Collected data
#####

(* If $G\subset\mathbb{R}^2$ is (the open domain bounded by) a rhombus with smallest angle $\alpha$, then \[ A_G\ge\frac{2}{\sin\frac{\alpha}{2}}. \]
   Context: For a domain $G\subsetneq\mathbb{R}^n$ let $d_G(x)=d(x,\partial G)$; $k_G(x,y)=\inf_\gamma\int_\gamma\frac{|dx|}{d_G(x)}$ over rectifiable curves $\gamma\subset G$ joining $x,y$ (quasihyperbolic distance); $j_G(x,y)=\log\left(1+\frac{|x-y|}{\min\{d_G(x),d_G(y)\}}\right)$; and the uniformity constant is $A_G=\inf\{A\ge1: k_G\le A\,j_G\text{ on }G\times G\}$ (with $\inf\emptyset=+\infty$). *)

From Stdlib Require Import Reals Lra ClassicalEpsilon.
Open Scope R_scope.

Definition pt := (R * R)%type.

Definition dist (p q : pt) : R :=
  sqrt ((fst p - fst q) ^ 2 + (snd p - snd q) ^ 2).

(* greatest lower bound of a set of reals; an arbitrary value if none exists *)
Definition is_glb (E : R -> Prop) (m : R) : Prop :=
  (forall x, E x -> m <= x) /\ (forall b, (forall x, E x -> b <= x) -> b <= m).

Definition Rinf (E : R -> Prop) : R :=
  epsilon (inhabits 0) (fun m => is_glb E m).

Definition boundary (G : pt -> Prop) (z : pt) : Prop :=
  (forall eps, 0 < eps -> exists w, G w /\ dist w z < eps) /\
  (forall eps, 0 < eps -> exists w, ~ G w /\ dist w z < eps).

Definition dG (G : pt -> Prop) (x : pt) : R :=
  Rinf (fun r => exists z, boundary G z /\ r = dist x z).

Fixpoint rsum (f : nat -> R) (n : nat) : R :=
  match n with O => 0 | S m => rsum f m + f m end.

Definition partition (a b : R) (p : nat -> R) (n : nat) : Prop :=
  p O = a /\ p n = b /\ (forall i, (i < n)%nat -> p i <= p (S i)).

Definition poly_length (g : R -> pt) (p : nat -> R) (n : nat) : R :=
  rsum (fun i => dist (g (p (S i))) (g (p i))) n.

(* L is the length of the curve g restricted to [a,b] (sup of inscribed
   polygonal lengths); existence of such L = rectifiability *)
Definition is_length (g : R -> pt) (a b L : R) : Prop :=
  a <= b /\
  is_lub (fun l => exists p n, partition a b p n /\ l = poly_length g p n) L.

Definition continuous_on (g : R -> pt) (a b : R) : Prop :=
  forall t, a <= t <= b -> forall eps, 0 < eps ->
    exists delta, 0 < delta /\
      forall u, a <= u <= b -> Rabs (u - t) < delta -> dist (g u) (g t) < eps.

(* line integral with respect to arc length:  I = \int_gamma f |dx|,
   defined through the arc-length parametrization g0 of gamma
   (g0 (s_gamma(t)) = gamma t, s_gamma(t) = length of gamma on [a,t])
   as  \int_0^L f (g0 s) ds. *)
Definition line_integral (f : pt -> R) (g : R -> pt) (a b I : R) : Prop :=
  exists L, is_length g a b L /\
  exists g0 : R -> pt,
    (forall t s, a <= t <= b -> is_length g a t s -> g0 s = g t) /\
    exists pr : Riemann_integrable (fun s => f (g0 s)) 0 L, RiemannInt pr = I.

Definition qh_length_of_curve (G : pt -> Prop) (x y : pt) (I : R) : Prop :=
  exists (g : R -> pt) (a b : R),
    a <= b /\ continuous_on g a b /\
    (forall t, a <= t <= b -> G (g t)) /\ g a = x /\ g b = y /\
    line_integral (fun z => 1 / dG G z) g a b I.

Definition kG (G : pt -> Prop) (x y : pt) : R :=
  Rinf (qh_length_of_curve G x y).

Definition jG (G : pt -> Prop) (x y : pt) : R :=
  ln (1 + dist x y / Rmin (dG G x) (dG G y)).

(* A belongs to the set whose infimum is the uniformity constant A_G *)
Definition uniformity_bound (G : pt -> Prop) (A : R) : Prop :=
  1 <= A /\ forall x y, G x -> G y -> kG G x y <= A * jG G x y.

(* Open rhombus with vertices P, P+u, P+u+v, P+v  (|u| = |v| > 0,
   u, v linearly independent). *)
Definition rhombus (P u v : pt) (z : pt) : Prop :=
  exists s t, 0 < s < 1 /\ 0 < t < 1 /\
    z = (fst P + s * fst u + t * fst v, snd P + s * snd u + t * snd v).

Definition norm2 (u : pt) : R := sqrt (fst u ^ 2 + snd u ^ 2).
Definition dot (u v : pt) : R := fst u * fst v + snd u * snd v.
Definition det (u v : pt) : R := fst u * snd v - snd u * fst v.

From Pilot Require Import Defs.
From Stdlib Require Import Reals Lra Lia Rgeom.
From Stdlib Require Import ClassicalEpsilon Classical FunctionalExtensionality PropExtensionality.
From Coquelicot Require Import Coquelicot.
Import Pilot.Defs.
Open Scope R_scope.

(* Let P and Q be the vertices of the two acute angles alpha and, for small tau > 0, let x and
   y be the points of the diagonal PQ at distance tau |PQ| from P and from Q.  Inside the
   rhombus d_G(z) <= sin(alpha/2) |z - P| and d_G(z) <= sin(alpha/2) |z - Q|, so integrating
   along a curve from x to y parametrised by arc length, its first half from the P end and
   its second half from the Q end, gives k_G(x, y) >= 2/sin(alpha/2) * log (1/(2 tau)).
   On the other hand d_G(x), d_G(y) >= c tau for a constant c > 0, hence
   j_G(x, y) <= log (1/tau) + O(1), and letting tau -> 0 yields A_G >= 2/sin(alpha/2).
   If the angle at the given base vertex is obtuse, the base is first moved to an adjacent
   vertex. *)

Lemma dist_euc_dist p q : dist p q = dist_euc (fst p) (snd p) (fst q) (snd q).
Proof. unfold dist, dist_euc, Rsqr. f_equal. ring. Qed.

Lemma dist_ge0 p q : 0 <= dist p q.
Proof. apply sqrt_pos. Qed.

Lemma dist_sym p q : dist p q = dist q p.
Proof. rewrite !dist_euc_dist. apply distance_symm. Qed.

Lemma dist_xx p : dist p p = 0.
Proof. rewrite dist_euc_dist. apply distance_refl. Qed.

Lemma dist_triangle p q r : dist p r <= dist p q + dist q r.
Proof. rewrite !dist_euc_dist. apply triangle. Qed.

Lemma dist_gt0 p q : p <> q -> 0 < dist p q.
Proof.
  intros Hpq. destruct (dist_ge0 p q) as [|H0]; auto. exfalso. apply Hpq.
  destruct p as [p1 p2], q as [q1 q2]. unfold dist in H0. cbn [fst snd] in H0.
  pose proof (pow2_ge_0 (p1 - q1)); pose proof (pow2_ge_0 (p2 - q2)).
  symmetry in H0. apply sqrt_eq_0 in H0; [|lra]. f_equal; nra.
Qed.

Lemma sqrt_sq_mult k X : 0 <= X -> sqrt (k ^ 2 * X) = Rabs k * sqrt X.
Proof. intros. rewrite sqrt_mult by nra. f_equal. rewrite <- sqrt_Rsqr_abs. unfold Rsqr. f_equal; ring. Qed.

Lemma Rinf_glb (E : R -> Prop) :
  (exists x, E x) -> (exists m, forall x, E x -> m <= x) -> is_glb E (Rinf E).
Proof.
  intros [x0 Hx0] [m Hm].
  assert (Hex : exists g, is_glb E g).
  { destruct (completeness (fun y => E (- y))) as [M [HM1 HM2]].
    - exists (- m). intros y Hy. apply Hm in Hy. lra.
    - exists (- x0). rewrite Ropp_involutive. auto.
    - exists (- M). split.
      + intros x Hx. assert (- x <= M) by (apply HM1; rewrite Ropp_involutive; auto). lra.
      + intros b Hb. assert (M <= - b) by (apply HM2; intros y Hy; apply Hb in Hy; lra). lra. }
  exact (epsilon_spec (inhabits 0) (fun m => is_glb E m) Hex).
Qed.

Lemma is_lub_approx E m eps : is_lub E m -> 0 < eps -> exists x, E x /\ m - eps < x.
Proof.
  intros [H1 H2] He. apply NNPP. intros Hn.
  assert (m <= m - eps); [|lra].
  apply H2. intros x Hx. apply Rnot_lt_le. intros Hl. apply Hn. exists x. auto.
Qed.

Lemma rsum_le f g n : (forall i, (i < n)%nat -> f i <= g i) -> rsum f n <= rsum g n.
Proof.
  induction n as [|n IH]; simpl; intros H; [lra|].
  assert (rsum f n <= rsum g n) by (apply IH; intros; apply H; lia).
  assert (f n <= g n) by (apply H; lia). lra.
Qed.

Lemma rsum_plus f g n : rsum (fun i => f i + g i) n = rsum f n + rsum g n.
Proof. induction n as [|n IH]; simpl; [ring|]. rewrite IH. ring. Qed.
Lemma q_binomial_step N :
  csum (term (S N)) (S (S N)) = csum (term N) (S N) * (1 + y * x * (x * x) ^ N).
Proof.
  unfold term. replace (S (S N)) with (1 + S N)%nat by lia.
  rewrite csum_split. simpl csum at 1.
  rewrite (csum_ext _ (fun i => gbinom (x * x) N (1 + i) * x ^ ((1 + i) * (1 + i)) * y ^ (1 + i)
     + (x * x) ^ (N - i) * gbinom (x * x) N i * x ^ ((1 + i) * (1 + i)) * y ^ (1 + i)))
    by (intros k Hk; simpl; rewrite gbinom_pascal by (auto; lia); ring).
  rewrite csum_plus.
  assert (Hshift : gbinom (x * x) (S N) 0 * x ^ (0 * 0) * y ^ 0
      + csum (fun i => gbinom (x * x) N (1 + i) * x ^ ((1 + i) * (1 + i)) * y ^ (1 + i)) (S N)
    = csum (fun j => gbinom (x * x) N j * x ^ (j * j) * y ^ j) (S N)).
  { transitivity (csum (fun j => gbinom (x * x) N j * x ^ (j * j) * y ^ j) (1 + S N)).
    - rewrite (csum_split _ 1 (S N)). simpl csum at 2. rewrite !(gbinom_0 _ qfact_neq0).
      cbn [Nat.mul Cpow]. ring.
    - replace (1 + S N)%nat with (S (S N)) by lia. simpl csum at 1.
      rewrite (gbinom_gt _ N (S N)) by lia. simpl. ring. }
  assert (Hraise : csum (fun i => (x * x) ^ (N - i) * gbinom (x * x) N i
                                   * x ^ ((1 + i) * (1 + i)) * y ^ (1 + i)) (S N)
    = csum (fun j => gbinom (x * x) N j * x ^ (j * j) * y ^ j) (S N) * (y * x * (x * x) ^ N)).
  { rewrite (Cmult_comm (csum _ (S N))), <- csum_scal. apply csum_ext. intros k Hk.
    assert (Hexp : (x * x) ^ (N - k) * x ^ ((1 + k) * (1 + k)) = x * (x * x) ^ N * x ^ (k * k)).
    { transitivity (x ^ S (2 * N + k * k)).
      - rewrite Cpow_sqr, <- Cpow_add_r. f_equal. nia.
      - rewrite Cpow_S, Cpow_add_r, Cpow_sqr. ring. }
    transitivity (gbinom (x * x) N k * y ^ (1 + k) * ((x * x) ^ (N - k) * x ^ ((1 + k) * (1 + k)))).
    { ring. }
    rewrite Hexp, (Cpow_add_r y 1 k), Cpow_1_r. ring. }
  cbn [Nat.mul Cpow] in Hshift. rewrite Hraise, <- Hshift. ring.
Qed.

Theorem q_binomial N :
  qprod (y * x) (x * x) N = csum (fun j => gbinom (x * x) N j * x ^ (j * j) * y ^ j) (S N).
Proof.
  induction N as [|N IH].
  - unfold qprod. simpl. rewrite (gbinom_0 _ qfact_neq0). ring.
  - rewrite qprod_S, IH. symmetry. apply q_binomial_step.
Qed.

End QBinomial.

(** * The Jacobi triple product *)

(* The theta series sum over k in Z of x^(k^2) z^k, with the terms of index k and -k
   grouped together. *)
Definition theta_term (x z : C) (k : nat) : C :=
  match k with O => 1 | S _ => x ^ (k * k) * (z ^ k + (/ z) ^ k) end.

Lemma Cmult_eq_reg_l (c a b : C) : c * a = c * b -> c <> 0 -> a = b.
Proof. intros E Hc. rewrite <- (Cmult_1_l a), <- (Cinv_l c), <- Cmult_assoc, E by auto. field. auto. Qed.

Lemma Cpow_balance (x w : C) A B C D :
  x * w = 1 -> (A + D = C + B)%nat -> x ^ A * w ^ B = x ^ C * w ^ D.
Proof.
  intros H E.
  assert (H1 : forall m, x ^ m * w ^ m = 1) by (intros; rewrite <- Cpow_mult_l, H; apply Cpow_1_l).
  transitivity (x ^ A * w ^ B * (x ^ D * w ^ D)); [rewrite H1; ring|].
  transitivity (x ^ C * w ^ D * (x ^ B * w ^ B)); [|rewrite H1; ring].
  transitivity (x ^ (A + D) * w ^ (B + D)); [rewrite !Cpow_add_r; ring|].
  rewrite E, !Cpow_add_r. ring.
Qed.

Lemma cprod_odd_powers (z w : C) n :
  cprod (fun i => z * w ^ (2 * i + 1)) n = z ^ n * w ^ (n * n).
Proof.
  induction n as [|n IH]; [simpl; ring|].
  change (cprod (fun i => z * w ^ (2 * i + 1)) (S n))
    with (cprod (fun i => z * w ^ (2 * i + 1)) n * (z * w ^ (2 * n + 1))).
  rewrite IH. replace (S n * S n)%nat with (n * n + (2 * n + 1))%nat by nia.
  rewrite (Cpow_add_r w (n * n)), (Cpow_S z). ring.
Qed.

Section FiniteJacobi.

Variables x z : C.
Hypothesis x_neq0 : x <> 0.
Hypothesis z_neq0 : z <> 0.
Hypothesis qfact_neq0 : forall n, qfact (x * x) n <> 0.

Let w := / x.

Let xw : x * w = 1.
Proof. unfold w. field. auto. Qed.

Let w_neq0 : w <> 0.
Proof. intros E. apply C1_nz. rewrite <- xw, E. ring. Qed.

Let pow_xw m : x ^ m * w ^ m = 1.
Proof. rewrite <- Cpow_mult_l, xw. apply Cpow_1_l. Qed.

Lemma qprod_recentred n :
  qprod (z * w ^ (2 * n) * x) (x * x) (2 * n)
  = z ^ n * w ^ (n * n) * (qprod (z * x) (x * x) n * qprod (x / z) (x * x) n).
Proof.
  unfold qprod.
  replace (cprod (fun k => 1 + z * w ^ (2 * n) * x * (x * x) ^ k) (2 * n))
    with (cprod (fun k => 1 + z * w ^ (2 * n) * x * (x * x) ^ k) (n + n)) by (f_equal; lia).
  rewrite cprod_split, cprod_rev.
  rewrite (cprod_ext _ (fun i => z * w ^ (2 * i + 1) * (1 + x / z * (x * x) ^ i))).
  2:{ intros i Hi. rewrite !Cpow_sqr.
      assert (E : w ^ (2 * n) * x * x ^ (2 * (n - 1 - i)) = w ^ (2 * i + 1)).
      { transitivity (x ^ (1 + 2 * (n - 1 - i)) * w ^ (2 * n)); [rewrite Cpow_add_r, Cpow_1_r; ring|].
        rewrite (Cpow_balance x w _ _ 0 (2 * i + 1)) by (auto; lia). simpl. ring. }
      transitivity (1 + z * (w ^ (2 * n) * x * x ^ (2 * (n - 1 - i)))); [ring|].
      rewrite E. transitivity (z * w ^ (2 * i + 1) + x ^ (2 * i + 1) * w ^ (2 * i + 1)).
      - rewrite pow_xw. ring.
      - rewrite (Cpow_add_r x (2 * i) 1), Cpow_1_r. field. auto. }
  rewrite (cprod_ext (fun i => 1 + z * w ^ (2 * n) * x * (x * x) ^ (n + i))
                     (fun i => 1 + z * x * (x * x) ^ i)).
  2:{ intros i Hi. rewrite Cpow_add_r, (Cpow_sqr x n).
      transitivity (1 + z * x * (x * x) ^ i * (x ^ (2 * n) * w ^ (2 * n))); [ring|].
      rewrite pow_xw. ring. }
  rewrite cprod_mult, cprod_odd_powers. ring.
Qed.

Let binomial_term n j := gbinom (x * x) (2 * n) j * x ^ (j * j) * (z * w ^ (2 * n)) ^ j.

Lemma binomial_term_above n k :
  binomial_term n (n + k) = z ^ n * w ^ (n * n) * (gbinom (x * x) (2 * n) (n + k) * x ^ (k * k) * z ^ k).
Proof.
  unfold binomial_term. rewrite Cpow_mult_l, <- Cpow_mult_r, Cpow_add_r.
  transitivity (gbinom (x * x) (2 * n) (n + k) * z ^ n * z ^ k
                * (x ^ ((n + k) * (n + k)) * w ^ (2 * n * (n + k)))); [ring|].
  rewrite (Cpow_balance x w _ _ (k * k) (n * n)) by (auto; nia). ring.
Qed.

Lemma binomial_term_below n k : (k <= n)%nat ->
  binomial_term n (n - k)
  = z ^ n * w ^ (n * n) * (gbinom (x * x) (2 * n) (n + k) * x ^ (k * k) * (/ z) ^ k).
Proof.
  intros Hk. unfold binomial_term. rewrite Cpow_mult_l, <- Cpow_mult_r.
  rewrite <- (gbinom_sym _ qfact_neq0 (2 * n) (n + k)) by lia.
  replace (2 * n - (n + k))%nat with (n - k)%nat by lia.
  assert (Ez : z ^ (n - k) = z ^ n * (/ z) ^ k).
  { replace n with ((n - k) + k)%nat at 2 by lia.
    rewrite Cpow_add_r, Cpow_inv by auto. field. apply Cpow_nz. auto. }
  rewrite Ez.
  transitivity (gbinom (x * x) (2 * n) (n - k) * z ^ n * (/ z) ^ k
                * (x ^ ((n - k) * (n - k)) * w ^ (2 * n * (n - k)))); [ring|].
  rewrite (Cpow_balance x w _ _ (k * k) (n * n)); [ring|auto|].
  replace n with ((n - k) + k)%nat at 2 3 4 5 by lia. generalize (n - k)%nat. intros m. nia.
Qed.

Lemma binomial_sum_recentred n :
  csum (binomial_term n) (S (2 * n))
  = z ^ n * w ^ (n * n) * csum (fun k => gbinom (x * x) (2 * n) (n + k) * theta_term x z k) (S n).
Proof.
  rewrite csum_around_middle, (csum_S_l _ n), Cmult_plus_distr_l, <- csum_scal.
  rewrite <- (Nat.add_0_r n) at 3. rewrite binomial_term_above.
  transitivity (z ^ n * w ^ (n * n) * (gbinom (x * x) (2 * n) (n + 0) * x ^ (0 * 0) * z ^ 0)
    + csum (fun i => binomial_term n (n - 1 - i) + binomial_term n (n + 1 + i)) n).
  { rewrite csum_plus. ring. }
  f_equal; [simpl; ring|]. apply csum_ext. intros i Hi.
  replace (n - 1 - i)%nat with (n - S i)%nat by lia.
  replace (n + 1 + i)%nat with (n + S i)%nat by lia.
  rewrite binomial_term_above, binomial_term_below by lia.
  change (theta_term x z (S i)) with (x ^ (S i * S i) * (z ^ S i + (/ z) ^ S i)). ring.
Qed.

Theorem finite_jacobi_triple_product n :
  qprod (z * x) (x * x) n * qprod (x / z) (x * x) n
  = csum (fun k => gbinom (x * x) (2 * n) (n + k) * theta_term x z k) (S n).
Proof.
  assert (Hc : z ^ n * w ^ (n * n) <> 0).
  { apply Cmult_neq_0; apply Cpow_nz; auto. }
  apply (Cmult_eq_reg_l (z ^ n * w ^ (n * n))); auto.
  rewrite <- qprod_recentred, <- binomial_sum_recentred.
  apply q_binomial. auto.
Qed.

End FiniteJacobi.

Lemma qfact_neq0 p n : Cmod p < 1 -> qfact p n <> 0.
Proof. intros. apply qprod_neq0; rewrite ?Cmod_opp; auto. Qed.

Lemma qfact_cv p : Cmod p < 1 -> cv (qfact p) (qprod_inf (- p) p).
Proof. intros. apply qprod_cv; rewrite ?Cmod_opp; lra. Qed.

Lemma qprod_inf_opp_neq0 p : Cmod p < 1 -> qprod_inf (- p) p <> 0.
Proof. intros. apply qprod_inf_neq0; rewrite ?Cmod_opp; auto. Qed.

Lemma gbinom_central_cv p k : Cmod p < 1 ->
  cv (fun n => gbinom p (2 * n) (n + k)) (/ qprod_inf (- p) p).
Proof.
  intros Hp. set (M := qprod_inf (- p) p). assert (HM : M <> 0) by (apply qprod_inf_opp_neq0; auto).
  replace (/ M) with (M / (M * M)) by (field; auto).
  apply cv_ext with (fun n => qfact p (2 * n) / (qfact p (n + k) * qfact p (n - k))).
  { exists k. intros n Hn. unfold gbinom. destruct (Nat.leb_spec (n + k) (2 * n)); [|lia].
    replace (2 * n - (n + k))%nat with (n - k)%nat by lia. reflexivity. }
  apply cv_div; [| |apply Cmult_neq_0; auto].
  - apply (cv_subseq (qfact p)); [apply qfact_cv; auto | intros; lia].
  - apply cv_mult; [apply (cv_subseq (qfact p)); [apply qfact_cv; auto | intros; lia]|].
    apply (cv_comp (qfact p)); [apply qfact_cv; auto|].
    apply filterlim_nat_unbounded. intros N. exists (N + k)%nat. intros; lia.
Qed.

Lemma gbinom_bounded p : Cmod p < 1 -> exists C0, forall n k, Cmod (gbinom p n k) <= C0.
Proof.
  intros Hp.
  set (B1 := exp (1 / (1 - Cmod p))). set (B2 := exp (1 / (1 - Cmod (- p)) / (1 - Cmod p))).
  assert (H1 : forall n, Cmod (qfact p n) <= B1) by (intros; apply Cmod_qprod_le; rewrite ?Cmod_opp; lra).
  assert (H2 : forall n, Cmod (/ qfact p n) <= B2) by (intros; apply Cmod_inv_qprod_le; rewrite ?Cmod_opp; lra).
  assert (0 < B1 /\ 0 < B2)%R as [HB1 HB2] by (split; apply exp_pos).
  exists (B1 * B2 * B2)%R. intros n k. unfold gbinom. destruct (k <=? n)%nat.
  - replace (qfact p n / (qfact p k * qfact p (n - k)))
      with (qfact p n * / qfact p k * / qfact p (n - k)) by (field; split; apply qfact_neq0; auto).
    rewrite !Cmod_mult.
    apply Rmult_le_compat; auto using Cmod_ge_0, Rmult_le_pos.
    apply Rmult_le_compat; auto using Cmod_ge_0.
  - rewrite Cmod_0. apply Rmult_le_pos; [apply Rmult_le_pos|]; lra.
Qed.

Lemma Cmod_theta_term_le (x z : C) k : x <> 0 -> Cmod x < 1 ->
  Cmod (z * x) <= 1 -> Cmod (x / z) <= 1 ->
  Cmod (theta_term x z k) <= 2 / Cmod x * Cmod x ^ k.
Proof.
  intros Hx Hx1 Hzx Hxz. assert (Hp : (0 < Cmod x)%R) by (apply Cmod_gt_0; auto).
  destruct k as [|j].
  { simpl. rewrite Cmod_1, Rmult_1_r.
    assert (1 < / Cmod x)%R by (rewrite <- Rinv_1; apply Rinv_lt_contravar; lra).
    unfold Rdiv. lra. }
  assert (Hpow : forall v : C, Cmod x * Cmod v <= 1 ->
                   Cmod (x ^ (S j * S j)) * Cmod (v ^ S j) <= Cmod x ^ j).
  { intros v Hv. rewrite !Cmod_pow. replace (S j * S j)%nat with (j * S j + S j)%nat by lia.
    rewrite pow_add, Rmult_assoc, <- Rpow_mult_distr.
    assert (0 <= Cmod x * Cmod v)%R by (apply Rmult_le_pos; apply Cmod_ge_0).
    assert ((Cmod x * Cmod v) ^ S j <= 1)%R by (apply pow_le_one; lra).
    assert (Cmod x ^ (j * S j) <= Cmod x ^ j)%R by (apply pow_le_pow_decr; [lra|nia]).
    assert (0 <= Cmod x ^ (j * S j))%R by (apply pow_le; lra). nra. }
  assert (E1 := Hpow z ltac:(rewrite <- Cmod_mult, Cmult_comm; auto)).
  assert (E2 := Hpow (/ z) ltac:(rewrite <- Cmod_mult; auto)).
  unfold theta_term. rewrite Cmod_mult.
  assert (Cmod (z ^ S j + (/ z) ^ S j) <= Cmod (z ^ S j) + Cmod ((/ z) ^ S j))
    by apply Cmod_triangle.
  assert (0 <= Cmod (x ^ (S j * S j))) by apply Cmod_ge_0.
  replace (2 / Cmod x * Cmod x ^ S j)%R with (2 * Cmod x ^ j)%R by (simpl; field; lra). nra.
Qed.
Lemma divergence_rate : exists2 d, 0 < d & exists N, forall n, (N <= n)%N ->
  (0 < #|S n|)%N /\ n%:R * d <= avg_cost Q (S n) - ln #|S n|%:R.
Proof.
have [mu0 _] := andP mu01.
have delta0 := tilt_divergence_gt0 Q_gt0 Q_sum1 mu01 Q_nonunif.
have delta_mean := tilt_divergence_le_mean Q_gt0 Q_sum1 mu01.
(* eps <= delta / 8 and the two conditions on n keep each of the losses
   2 eps and 2 kappa rho below delta / 4. *)
pose eps := Num.min (delta / 8) (J - kappa).
have eps_delta : eps <= delta / 8 by rewrite ge_min lexx.
have eps_gap : eps <= J - kappa by rewrite ge_min lexx orbT.
have eps0 : 0 < eps by rewrite lt_min divr_gt0 //= subr_gt0 tilt_mean_lt.
have [N1 N1P] := eventually_le_natr_mul (2 * var) (exprn_gt0 2 eps0).
have [N2 N2P] := eventually_le_natr_mul (8 * kappa) (mulr_gt0 (mulr_gt0 delta0 mu0) eps0).
exists (delta / 2); first by rewrite divr_gt0.
exists (maxn 1 (maxn N1 N2)) => n; rewrite !geq_max => /and3P[n0 /N1P nV /N2P nK].
have [|S0 div_ge] := avg_cost_sub_ln_card_ge n0 eps0 eps_gap _ nV; first by lra.
split=> //; apply: le_trans div_ge; rewrite ler_wpM2l ?ler0n //.
set rho := expR _; have nme0 : 0 < n%:R * mu * eps by rewrite !mulr_gt0 ?ltr0n.
have rho_small : kappa * rho * (n%:R * mu * eps) <= kappa.
  rewrite -mulrA [rho * _]mulrC -[leRHS]mulr1 ler_wpM2l //.
    exact: tilt_mean_ge0.
  exact: expRN_mul_le1 (ltW nme0).
suff : kappa * rho <= delta / 8 by lra.
by rewrite -(ler_pM2r nme0); move: nK; lra.
Qed.

End Rate.

Unset Implicit Arguments.

Theorem lemma6 (R : realType) (L : nat) (Q : 'I_L -> R) (I : R)
  (hQpos : forall a, 0 < Q a)
  (hQsum : \sum_(a < L) Q a = 1)
  (hQnu : Q <> @unif_pmf R L)
  (hI : log2 L%:R < I) :
  exists c1 c2 : R, [/\ 0 < c1, c1 <= c2 &
    exists N : nat, forall n : nat, (N <= n)%N ->
      c1 * n%:R <= divergence (unif_on R (@typ_set R L n Q I)) (@iid_pmf R L n Q)
      /\ divergence (unif_on R (@typ_set R L n Q I)) (@iid_pmf R L n Q) <= c2 * n%:R].
Proof.
have ln2 := ln2_gt0 R.
have lnL : 0 <= ln (L%:R : R) < I * ln 2.
  apply/andP; split; last by rewrite -ltr_pdivrMr.
  by apply: ln_ge0; rewrite ler1n (L_gt0 hQsum).
have [mu mu01 muJ] := exists_lt1_mul_gt lnL.
have [d d0 [N dN]] := divergence_rate hQpos hQsum hQnu mu01 muJ.
exists (d / ln 2), (Num.max (d / ln 2) I); split; first by rewrite divr_gt0.
  by rewrite le_max lexx.
exists (maxn 1 N) => n; rewrite geq_max => /andP[n0 /dN[S0 dS]].
rewrite typ_setE // (divergence_unif_iid hQpos) //; split.
  by rewrite ler_pdivlMr // mulrAC divfK ?gt_eqF // mulrC.
have lnS0 : 0 <= ln (#|cost_set Q n (n%:R * (I * ln 2))|%:R : R).
  by apply: ln_ge0; rewrite ler1n.
rewrite ler_pdivrMr //; apply: le_trans (_ : n%:R * (I * ln 2) <= _).
  by have := avg_cost_le S0; lra.
by rewrite mulrA ler_wpM2r ?(ltW ln2) // mulrC ler_wpM2r ?ler0n // le_max lexx orbT.
Qed.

#####

* Problem to work on
Using the data above, reproduce exactly the lines between those holding "rewrite E, !Cpow_add_r. ring." and "change (cprod (fun", inclusive, and no others.

* Written answer
  rewrite E, !Cpow_add_r. ring.
Qed.

Lemma cprod_odd_powers (z w : C) n :
  cprod (fun i => z * w ^ (2 * i + 1)) n = z ^ n * w ^ (n * n).
Proof.
  induction n as [|n IH]; [simpl; ring|].
  change (cprod (fun i => z * w ^ (2 * i + 1)) (S n))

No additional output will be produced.